NVIDIA / FasterTransformer

Transformer related optimization, including BERT, GPT
Apache License 2.0
5.77k stars 882 forks source link

Why is the rouge of Hugging Face different from the rouge of Faster Transformer? #489

Open lkm2835 opened 1 year ago

lkm2835 commented 1 year ago

Why is the rouge of Hugging Face different from the rouge of Faster Transformer even though the same weight is used?

https://github.com/NVIDIA/FasterTransformer/blob/main/docs/t5_guide.md#running-t5-v11

Hugging Face (total latency: 21.826529 sec)
rouge1 : 10.786476875527406
rouge2 : 1.8231246974441166
rougeL : 8.652689713627165
rougeLsum : 10.326607305635523
Faster Transformers (total latency: 7.036808000000001 sec)
rouge1 : 10.91735083630513
rouge2 : 1.8454654301092783
rougeL : 8.76872604148143
rougeLsum : 10.453229536094794

I want to know why it's different.

Can I implement the results to be 100% the same?
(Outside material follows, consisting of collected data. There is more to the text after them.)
Theorem corollary2p4 (R : realType) (n m : nat) (alpha : 'I_m -> 'rV[R]_n)
  (alpha_nz : forall j, alpha j != 0) (k : nat) (U1 U2 : 'M[R]_n) :
  (\rank U1 = k -> \rank U2 = k ->
   forall i : nat, (i <= k)%N ->
   forall P : (ksub n (k - i)%N -> R) -> Prop,
     flat_k alpha _ P ->
     S_iP alpha k i P U1 -> S_iP alpha k i P U2 ->
     lattice_iso (restr_flat alpha U1) (restr_flat alpha U2))
  /\
  (\rank U1 = k -> \rank U2 = k ->
   \rank (Tmx alpha) = 0%N ->
   forall P : (ksub n k -> R) -> Prop,
     flat_k alpha _ P ->
     flat_interior alpha _ P (plvec k U1) -> flat_interior alpha _ P (plvec k U2) ->
     lattice_iso (restr_flat alpha U1) (restr_flat alpha U2)).
Proof.
have T_sub_flat S : (Tmx alpha <= flatmx alpha S)%MS by apply/flatmxS/subsetT.
split=> [rU1 rU2 i _ P flatP [_ [capT1 int1]] [_ [capT2 int2]] |
         rU1 rU2 rT0 P flatP int1 int2].
  apply: lattice_iso_of_mxrank => S.
  rewrite (ocompl_in_decomp U1 (T_sub_flat S)) (ocompl_in_decomp U2 (T_sub_flat S)).
  rewrite capT1 capT2; congr (_ + _)%N.
  by apply: (mxrank_cap_flatmx_eq alpha_nz flatP _ _ _ _ int1 int2);
    rewrite ?mxrank_ocompl_in ?capmx_ocompl_in_eq0 ?rU1 ?rU2 ?capT1 ?capT2.
have capT0 (U : 'M[R]_n) : \rank (U :&: Tmx alpha) = 0%N.
  by apply/eqP; rewrite -leqn0 -rT0; apply/mxrankS/capmxSr.
apply: lattice_iso_of_mxrank.
exact: (mxrank_cap_flatmx_eq alpha_nz flatP rU1 rU2 (capT0 U1) (capT0 U2) int1 int2).
Qed.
byshiue commented 1 year ago

Why is the rouge of Hugging Face different from the rouge of Faster Transformer even though the same weight is used?

https://github.com/NVIDIA/FasterTransformer/blob/main/docs/t5_guide.md#running-t5-v11

Hugging Face (total latency: 21.826529 sec)
rouge1 : 10.786476875527406
rouge2 : 1.8231246974441166
rougeL : 8.652689713627165
rougeLsum : 10.326607305635523
Faster Transformers (total latency: 7.036808000000001 sec)
rouge1 : 10.91735083630513
rouge2 : 1.8454654301092783
rougeL : 8.76872604148143
rougeLsum : 10.453229536094794

I want to know why it's different.

Can I implement the results to be 100% the same?

It is almost impossible. Different gemm algorithm, and different kernel fusion all lead to different computing order. So, they must have small different in final results of transformer. And for generation model, such small gap would be accumulated and lead to different output ids finally.